College porn stars film their own punishment is the headline to Richard Roeper’s hard-hitting big thumbs down on Shane’s World, Vol. 32, Campus Invasion, the pro-am porn film shot in Bloomington last year to the delight of media professionals everywhere.

Not to worry – it’s not a serious review of a porn film. Heaven forfend that the Sun-Times, or most papers and large circulation printed news sources, would ever run something thoughful about porn. After all, they tried back in the mid-seventies, and look where that got everybody.

But, as far as fish in a barrel goes, it’s pretty funny.

The film runs 2-1/2 hours, and for the most part it’s about as sexy as a military educational film about transmittable diseases. Basically you get porn stars with ugly tattoos, bad teeth and been-around-the-block-a-million-times faces mingling with drunken-fool college students in pig sty apartments. It’s mostly pathetic and depressing.

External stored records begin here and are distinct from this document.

Lemma cf2_ext_expansion_single F F' E : #|SCCS F'| <= 1 ->
  normal_expansion F F' -> cf2_ext F E ->
  exists2 E', cf2_ext F' E' & ~ E' \subset AR F \/ E' = E.
Proof.
move=> hS hN hE; have /naiveP[hEA hcf hmax] := cf2_ext_naive hE.
have hEA' : E \subset AR F' := subset_trans hEA (subAF_expansion hN).1.
have hcf' : conflict_free F' E by rewrite (conflict_free_expansion hN).
have [E' hE' hEE'] := naive_extend hEA' hcf'.
exists E'; first by rewrite cf2_ext_single.
have [-> | hne] := eqVneq E' E; [by right | left => hE'A].
have hcfE' : conflict_free F E'.
  by rewrite -(conflict_free_expansion hN hE'A); case/naiveP: hE'.
by move/negP: (hmax E' hE'A hcfE'); apply; rewrite properEneq eq_sym hne hEE'.
Qed.

Lemma cf2_ext_expansion F F' E : normal_expansion F F' -> cf2_ext F E ->
  exists2 E', cf2_ext F' E' & ~ E' \subset AR F \/ E' = E.
Proof.
elim/AF_ind: F' F E => F' IH F E hN hE.
case: (leqP #|SCCS F'| 1) => [hS | hS]; first exact: cf2_ext_expansion_single.
have hEA := cf2_ext_sub hE.
pose P V E0 := ~ E0 \subset AR F \/ E0 = E :&: V.
have step V S E0 : S \in SCCS F' -> S_out F' S \subset V -> P V E0 ->
    exists2 C, cf2_ext (restrict F' (UP_AF F' S E0)) C & P (V :|: S) (E0 :|: C).
  move=> hS' hSV [hout | ->].
    have [C hC] := cf2_exists (restrict F' (UP_AF F' S E0)).
    exists C => //; left; apply: contra_not hout.
    exact: subset_trans (subsetUl _ _).
  have -> : UP_AF F' S (E :&: V) = UP_AF F' S E.
    rewrite -{2}(setID E V) UP_AF_setU // (disjointWr hSV) //.
    by rewrite disjoints_subset setDE subsetIr.
  have hYY' := UP_AF_expansion S hN hEA.
  have hXS : scc_closed F S := scc_closed_subAF (subAF_expansion hN) hS'.
  have [C hC hCE] := IH _ (card_restrict_UP_lt E hS hS') _ _
    (normal_expansion_restrict hN hYY') (cf2_ext_restrict_UP hE hXS).
  exists C => //; case: hCE => [hCY | ->]; last by right; rewrite setIUr.
  left => hECA; apply: hCY; rewrite /= -hYY' subsetI.
  rewrite (subset_trans (cf2_ext_sub hC) (subsetIl _ _)).
  exact: subset_trans (subsetUr _ _) hECA.
have [E' hE' hP] := @cf2_ext_build F' P (or_intror (esym (setI0 E))) step.
exists E' => //; case: hP => [|->]; [by left | right].
exact/setIidPl/(subset_trans hEA)/(subAF_expansion hN).1.
Qed.

End CF2.

Theorem proposition40 (T : finType) (F F' : AF T) :
  normal_expansion F F' ->
  forall E : {set T}, cf2_ext F E ->
  exists E' : {set T}, cf2_ext F' E' /\ (~ (E' \subset AR F) \/ E' = E).
Proof. by move=> hN E /(cf2_ext_expansion hN)[E' hE' hor]; exists E'. Qed.
(* For s > 0 the partial integrals increase to their supremum, which is the
   value of the improper integral. *)
Lemma gamma_partial_converges s : 0 < s ->
  exists g, converges_0_inf (gamma_partial s) g /\
            forall u v, 0 < u <= v -> gamma_partial s u v <= g.
Proof.
  intros Hs; destruct (gamma_partial_bounded s Hs) as [B HB].
  set (E := fun z => exists u v, 0 < u <= v /\ z = gamma_partial s u v).
  assert (Hb : bound E) by (exists B; intros z [u [v [Huv ->]]]; now apply HB).
  assert (Hne : exists z, E z) by (exists (gamma_partial s 1 1); exists 1, 1; split; auto; lra).
  destruct (completeness E Hb Hne) as [g Hg].
  assert (Hle : forall u v, 0 < u <= v -> gamma_partial s u v <= g)
    by (intros u v Huv; apply (proj1 Hg); exists u, v; auto).
  exists g; split; auto.
  intros eps He; destruct (lub_approx E g eps Hg He) as [z [[u0 [v0 [Huv0 ->]]] Hgt]].
  exists u0; split; [lra |]; exists v0; intros u v Hu Hu0 Hv0 Huv.
  pose proof (gamma_partial_mono s u u0 v0 v ltac:(lra) ltac:(lra)).
  pose proof (Hle u v ltac:(lra)); apply Rabs_def1; lra.
Qed.

Lemma Gamma_spec s : 0 < s ->
  converges_0_inf (gamma_partial s) (Gamma s) /\
  forall u v, 0 < u <= v -> gamma_partial s u v <= Gamma s.
Proof.
  intros Hs; destruct (gamma_partial_converges s Hs) as [g [Hg Hle]].
  assert (HG : is_gamma_integral s (Gamma s)).
  { unfold Gamma; apply epsilon_spec; exists g; now apply is_gamma_integral_iff. }
  apply is_gamma_integral_iff in HG.
  rewrite (converges_0_inf_unique _ _ _ HG Hg); auto.
Qed.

One mope who meets the porn stars outside his dorm invites them back to his room. Another guy, toting a backpack, allows the women to fondle him in public and then says, “Awesome! OK, I gotta go to class.” There are several party sequences, with the porn stars putting on shows for the crowd and occasionally hooking up with young men.

Go I.U.! We’re number one! We’re number one!

(Really, this is about as far as I go with the whole team spirit thing.)

Frankenstein's complaint

In Upon Silence, Paul Frankenstein hints that perhaps he’s got a touch of the blues, and rather poetically dances around what he ought to do about it.

I feel for him. Paul, you’ll get through. A shrink is an acceptable route.